**Problem description**
Everything from the line with "Lemma val_scale w" to the end of the data should be restated word for word, and nothing before it.

**Extracted data**
Lemma decodeK : encode (decode u) = u.
Proof.
apply/ffunP=> j; apply: val_inj => /=; rewrite ffunE inordK ?ltnS ?block_sizes_leq // -vals_ord.
case: (ltnP j N) => [jN | Nj]; last first.
  have -> : (j : nat) = N by apply/eqP; rewrite eqn_leq Nj -ltnS ltn_ord.
  by rewrite block_sizes_out ?vals_N.
rewrite (_ : (j : nat) = Ordinal jN) // block_sizes_ord (block_min_seq_partition psum_vals_ge).
case: eqP => [oj | /eqP ne]; first by rewrite card_pblock_decode oj.
by rewrite (t_not_opener psum_vals_ge psum_vals_N ne).
Qed.

End LukasiewiczWord.

Lemma sum_card_nc_dvd (k : nat) :
  \sum_(P | nc_dvd k P) #|P| = \sum_(u | lukasiewicz u && dvd_entries k u) nnz u.
Proof.
rewrite (reindex_onto encode decode) => [|u /andP[lu _]]; last exact: decodeK.
apply: eq_big => [P | P /and3P[partP ncP _]]; last by rewrite card_nnz_encode.
apply/idP/idP => [/and3P[partP ncP dvdP] | /andP[/andP[lu du] /eqP <-]].
  by rewrite encode_lukasiewicz // encode_dvd // encodeK ?eqxx.
exact: decode_nc_dvd.
Qed.

End Encoding.

Section Rotation.
Variable N : nat.
Local Notation M := N.+1.
Implicit Types (v : {ffun 'I_M -> 'I_M}).

Definition rotate v (r : nat) : {ffun 'I_M -> 'I_M} :=
  [ffun j : 'I_M => v (inord ((j + r) %% M))].

Lemma rotate_rotate v (r s : nat) : rotate (rotate v r) s = rotate v (s + r).
Proof. by apply/ffunP=> j; rewrite !ffunE inordK ?ltn_pmod // modnDml addnA. Qed.

Lemma rotate_mod v (r : nat) : rotate v (r %% M) = rotate v r.
Proof. by apply/ffunP=> j; rewrite !ffunE modnDmr. Qed.

Lemma rotate0 v : rotate v 0 = v.
Proof. by apply/ffunP=> j; rewrite ffunE addn0 modn_small // inord_val. Qed.

Lemma rotate_dvd_entries (k : nat) v (r : nat) : dvd_entries k v -> dvd_entries k (rotate v r).
Proof. by move/forallP=> dvd_v; apply/forallP=> j; rewrite ffunE. Qed.

Lemma vals_rotate v (r j : nat) : j < M -> vals (rotate v r) j = vals v ((j + r) %% M).
Proof.
move=> jM; rewrite -[in LHS](inordK jM) vals_ord ffunE.
by rewrite -[in RHS](inordK (ltn_pmod (j + r) (ltn0Sn N))) vals_ord inordK.
Qed.

Lemma psum_rotate v (r x : nat) : r < M -> x <= M ->
  psum (vals (rotate v r)) x + psum (vals v) r =
  if r + x <= M then psum (vals v) (r + x) else psum (vals v) M + psum (vals v) (r + x - M).
Proof.
move=> rM; elim: x => [|x IH] xM; first by rewrite psum0 add0n addn0 ltnW.
have {}IH := IH (ltnW xM).
rewrite [psum _ x.+1]psumS vals_rotate // [x + r]addnC addnS.
case: (ltngtP (r + x) M) => [lt | gt | eq].
- by move: IH; rewrite (ltnW lt) modn_small // [psum _ (r + x).+1]psumS; lia.
- move: IH; rewrite (ltn_geF gt) modn_subn; last lia.
  by rewrite subSn ?(ltnW gt) // [psum _ (r + x - M).+1]psumS; lia.
by move: IH; rewrite eq leqnn modnn subSnn [psum _ 1]psumS psum0; lia.
Qed.

Lemma psum_rotate_M v (r : nat) : r < M -> psum (vals (rotate v r)) M = psum (vals v) M.
Proof.
move=> rM; have := psum_rotate v rM (leqnn M); case: ifP => [|_].
  by rewrite -{2}[M]add0n leq_add2r leqn0 => /eqP ->; rewrite psum0 addn0 add0n.
by rewrite addnK => /eqP; rewrite eqn_add2r => /eqP.
Qed.

Lemma lukasiewicz_rotate_uniq v (r1 r2 : nat) : psum (vals v) M = N -> r1 < M -> r2 < M ->
  lukasiewicz (rotate v r1) -> lukasiewicz (rotate v r2) -> r1 = r2.
Proof.
move=> vN; wlog lt : r1 r2 / r1 < r2.
  move=> W r1M r2M l1 l2; case: (ltngtP r1 r2) => [lt|gt|//]; first exact: W.
  exact/esym/W.
move=> r1M r2M /andP[_ /forallP l1] /andP[_ /forallP l2].
have x1 : r2 - r1 < M by lia.
have := l1 (Ordinal x1); have := psum_rotate v r1M (ltnW x1); rewrite /= subnKC ?(ltnW lt) //.
rewrite ltnW // => E1 i1.
have x2 : M - r2 + r1 < M by lia.
have := l2 (Ordinal x2); have := psum_rotate v r2M (ltnW x2); rewrite /=.
case: ifP => h.
  have r10 : r1 = 0 by lia.
  subst r1; rewrite (_ : r2 + (M - r2 + 0) = M); last lia.
  by move: E1; rewrite psum0 vN; lia.
rewrite (_ : r2 + (M - r2 + r1) - M = r1); last lia.
by rewrite vN; lia.
Qed.

Lemma lukasiewicz_rotate_exists v :
  psum (vals v) M = N -> exists2 r, r < M & lukasiewicz (rotate v r).
Proof.
move=> vN.
(* [r] is the first position where [psum y - y] attains its minimum. *)
pose F (y : nat) := psum (vals v) y + M - y.
pose r := [arg min_(y < (ord0 : 'I_M)) (F y * M + y)].
have rmin (y : 'I_M) : F r * M + r <= F y * M + y.
  by rewrite /r; case: arg_minnP => // i _; apply.
have Fmin (y : 'I_M) : F r <= F y.
  rewrite leqNgt; apply/negP=> lt; have := rmin y.
  have := leq_mul lt (leqnn M); rewrite mulSn; have := ltn_ord y; lia.
have Ffirst (y : 'I_M) : y < r -> F r < F y.
  move=> yr; rewrite ltn_neqAle Fmin andbT; apply/negP=> /eqP e.
  by have := rmin y; rewrite e; lia.
exists r => //; apply/andP; split; first by rewrite psum_rotate_M // vN.
apply/forallP=> x; have xM := ltn_ord x; have rM := ltn_ord r.
have := psum_rotate v rM (ltnW xM); case: ifP => h.
  case: (ltnP (r + x) M) => h'.
    by have := Fmin (Ordinal h'); rewrite /F /=; lia.
  have r0 : 0 < r by lia.
  by have := Ffirst ord0 r0; rewrite /F /= psum0 (_ : r + x = M) ?vN; lia.
have y1 : r + x - M < M by lia.
by have := Ffirst (Ordinal y1); rewrite /F /= vN => /(_ _); lia.
Qed.

Lemma rotateK v (r : nat) : r <= M -> rotate (rotate v r) (M - r) = v.
Proof. by move=> rM; rewrite rotate_rotate subnK // -rotate_mod modnn rotate0. Qed.

Definition marked (k : nat) := [set p : {ffun 'I_M -> 'I_M} * 'I_M |
  [&& lukasiewicz p.1, dvd_entries k p.1 & 0 < p.1 p.2]].

Definition pointed (k : nat) := [set v : {ffun 'I_M -> 'I_M} |
  [&& psum (vals v) M == N, dvd_entries k v & 0 < v ord0]].

Lemma card_marked (k : nat) : #|marked k| = #|pointed k|.
Proof.
pose h (p : {ffun 'I_M -> 'I_M} * 'I_M) := rotate p.1 p.2.
have h_inj : {in marked k &, injective h}.
  move=> [u i] [u' i']; rewrite !inE /h /= => /and3P[lu _ _] /and3P[lu' _ _] e.
  have iM := ltnW (ltn_ord i); have i'M := ltnW (ltn_ord i').
  have vN : psum (vals (rotate u i)) M = N by rewrite psum_rotate_M //; case/andP: lu => /eqP.
  have := lukasiewicz_rotate_uniq vN (ltn_pmod (M - i) (ltn0Sn N)) (ltn_pmod (M - i') (ltn0Sn N)).
  rewrite !rotate_mod rotateK // e rotateK // => /(_ lu lu').
  rewrite !modn_compl // => E.
  have ii : i = i' by apply: val_inj => /=; move: (ltn_ord i) (ltn_ord i') E; do 2!case: eqP; lia.
  by subst i'; rewrite -[u](rotateK _ iM) e rotateK.
rewrite -(card_in_imset h_inj); apply: eq_card => v; apply/imsetP/idP.
  case=> -[u i]; rewrite !inE /h /= => /and3P[lu du ui] ->.
  move: lu => /andP[/eqP uN _]; rewrite psum_rotate_M // uN eqxx rotate_dvd_entries //=.
  by rewrite ffunE add0n modn_small // inord_val.
rewrite inE => /and3P[/eqP vN dv v0]; have [r rM lr] := lukasiewicz_rotate_exists vN.
have i_ord : (M - r) %% M < M by apply: ltn_pmod.
exists (rotate v r, Ordinal i_ord); last first.
  by rewrite /h /= rotate_mod rotateK // ltnW.
rewrite inE /= lr rotate_dvd_entries //= ffunE /= modnDml subnK ?(ltnW rM) // modnn.
by rewrite (_ : inord 0 = ord0) //; apply: val_inj; rewrite /= inordK.
Qed.

Lemma sum_nnz_lukasiewicz (k : nat) :
  \sum_(u : {ffun 'I_M -> 'I_M} | lukasiewicz u && dvd_entries k u) nnz u = #|pointed k|.
Proof.
rewrite -card_marked -sum1_card.
rewrite (eq_bigr (fun u : {ffun 'I_M -> 'I_M} => \sum_(j | 0 < u j) 1)) => [|u _]; last first.
  by rewrite sum1_card /nnz cardsE.
by rewrite pair_big_dep /=; apply: eq_bigl => p; rewrite inE andbA.
Qed.

End Rotation.

Section Compositions.
Variables (k n : nat).
Hypothesis k_gt0 : 0 < k.
Local Notation N := (k * n.+1).

Definition scale (w : N.+1.-tuple 'I_n.+1) : {ffun 'I_N.+1 -> 'I_N.+1} :=
  [ffun j => inord (k * (tnth w j + (j == ord0)))].

Lemma val_scale w (j : 'I_N.+1) : scale w j = k * (tnth w j + (j == ord0)) :> nat.
Proof.
rewrite ffunE inordK // ltnS leq_mul2l; apply/orP; right.
by have := ltn_ord (tnth w j); case: (_ == _) => /=; lia.
Qed.

Lemma scale_inj : injective scale.
Proof.
move=> w w' e; apply: eq_from_tnth => j; apply: val_inj.
have /eqP := congr1 (fun f : {ffun 'I_N.+1 -> 'I_N.+1} => val (f j)) e; rewrite /= !val_scale.
by rewrite eqn_mul2l gtn_eqF //= eqn_add2r => /eqP.
Qed.

Lemma sum_scale w : \sum_j (scale w j : nat) = k * (\sum_(i <- w) i + 1).
Proof.
by rewrite big_tuple (eq_bigr _ (fun j _ => val_scale w j)) -big_distrr big_split sum_eq_ord0.
Qed.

**Result for this task**
Lemma val_scale w (j : 'I_N.+1) : scale w j = k * (tnth w j + (j == ord0)) :> nat.
Proof.
rewrite ffunE inordK // ltnS leq_mul2l; apply/orP; right.
by have := ltn_ord (tnth w j); case: (_ == _) => /=; lia.
Qed.

Lemma scale_inj : injective scale.
Proof.
move=> w w' e; apply: eq_from_tnth => j; apply: val_inj.
have /eqP := congr1 (fun f : {ffun 'I_N.+1 -> 'I_N.+1} => val (f j)) e; rewrite /= !val_scale.
by rewrite eqn_mul2l gtn_eqF //= eqn_add2r => /eqP.
Qed.

Lemma sum_scale w : \sum_j (scale w j : nat) = k * (\sum_(i <- w) i + 1).
Proof.
by rewrite big_tuple (eq_bigr _ (fun j _ => val_scale w j)) -big_distrr big_split sum_eq_ord0.
Qed.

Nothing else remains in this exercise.